§ **Exercise instructions**: Go line by line through the data and copy those with the word "case".

§ **Exercise material**:
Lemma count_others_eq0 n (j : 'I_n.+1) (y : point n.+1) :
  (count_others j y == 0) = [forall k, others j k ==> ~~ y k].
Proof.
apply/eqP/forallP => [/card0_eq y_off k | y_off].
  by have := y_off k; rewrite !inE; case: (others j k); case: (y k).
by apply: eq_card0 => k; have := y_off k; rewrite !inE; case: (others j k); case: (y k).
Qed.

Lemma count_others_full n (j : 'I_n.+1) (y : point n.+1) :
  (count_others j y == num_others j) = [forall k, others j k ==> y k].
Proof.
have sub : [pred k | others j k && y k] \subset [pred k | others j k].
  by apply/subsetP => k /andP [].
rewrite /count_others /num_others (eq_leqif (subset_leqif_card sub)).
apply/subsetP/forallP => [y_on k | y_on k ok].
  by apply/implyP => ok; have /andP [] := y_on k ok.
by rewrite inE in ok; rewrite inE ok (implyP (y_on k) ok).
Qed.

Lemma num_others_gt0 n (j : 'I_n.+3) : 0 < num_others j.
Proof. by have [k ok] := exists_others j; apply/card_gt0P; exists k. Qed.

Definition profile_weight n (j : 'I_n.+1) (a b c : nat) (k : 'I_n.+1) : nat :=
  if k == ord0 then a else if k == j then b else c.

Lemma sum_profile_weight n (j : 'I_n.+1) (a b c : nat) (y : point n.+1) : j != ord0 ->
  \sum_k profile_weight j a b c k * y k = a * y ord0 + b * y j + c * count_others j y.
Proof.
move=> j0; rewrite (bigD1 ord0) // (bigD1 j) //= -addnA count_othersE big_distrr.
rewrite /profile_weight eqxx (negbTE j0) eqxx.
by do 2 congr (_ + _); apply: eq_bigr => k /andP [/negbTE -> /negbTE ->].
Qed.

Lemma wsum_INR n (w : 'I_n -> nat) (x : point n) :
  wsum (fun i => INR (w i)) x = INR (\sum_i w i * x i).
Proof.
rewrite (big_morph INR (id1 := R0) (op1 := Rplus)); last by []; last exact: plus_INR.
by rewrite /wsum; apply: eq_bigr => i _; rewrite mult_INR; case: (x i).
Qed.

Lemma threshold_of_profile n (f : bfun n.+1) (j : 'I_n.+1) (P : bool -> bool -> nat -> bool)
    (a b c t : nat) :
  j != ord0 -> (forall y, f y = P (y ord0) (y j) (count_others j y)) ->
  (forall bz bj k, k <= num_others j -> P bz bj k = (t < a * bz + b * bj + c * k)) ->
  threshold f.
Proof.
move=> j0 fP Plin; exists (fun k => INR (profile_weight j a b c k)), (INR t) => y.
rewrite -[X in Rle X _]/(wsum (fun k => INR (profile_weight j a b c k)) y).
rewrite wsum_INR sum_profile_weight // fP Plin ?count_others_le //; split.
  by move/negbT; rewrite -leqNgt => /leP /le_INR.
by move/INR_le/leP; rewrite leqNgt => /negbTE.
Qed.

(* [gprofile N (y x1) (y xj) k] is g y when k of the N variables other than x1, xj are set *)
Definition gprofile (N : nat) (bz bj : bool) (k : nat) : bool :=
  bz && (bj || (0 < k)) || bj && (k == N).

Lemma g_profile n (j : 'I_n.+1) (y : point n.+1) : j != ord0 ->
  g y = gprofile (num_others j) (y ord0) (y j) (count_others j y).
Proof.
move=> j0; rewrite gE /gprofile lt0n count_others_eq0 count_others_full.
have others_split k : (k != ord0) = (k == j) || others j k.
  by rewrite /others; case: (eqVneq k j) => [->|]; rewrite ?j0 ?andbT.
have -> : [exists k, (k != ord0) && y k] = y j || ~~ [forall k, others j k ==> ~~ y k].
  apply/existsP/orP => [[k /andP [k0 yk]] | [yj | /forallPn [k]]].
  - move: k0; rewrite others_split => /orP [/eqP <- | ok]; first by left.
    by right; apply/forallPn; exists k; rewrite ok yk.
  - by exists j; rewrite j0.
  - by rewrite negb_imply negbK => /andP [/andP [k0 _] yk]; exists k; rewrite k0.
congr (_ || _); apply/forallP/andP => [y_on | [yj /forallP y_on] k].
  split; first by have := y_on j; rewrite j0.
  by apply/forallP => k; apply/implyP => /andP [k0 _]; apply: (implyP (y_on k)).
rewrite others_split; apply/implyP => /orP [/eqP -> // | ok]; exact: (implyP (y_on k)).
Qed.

§ **Answer box**:
  by have := y_off k; rewrite !inE; case: (others j k); case: (y k).
by apply: eq_card0 => k; have := y_off k; rewrite !inE; case: (others j k); case: (y k).
by rewrite /wsum; apply: eq_bigr => i _; rewrite mult_INR; case: (x i).
  by rewrite /others; case: (eqVneq k j) => [->|]; rewrite ?j0 ?andbT.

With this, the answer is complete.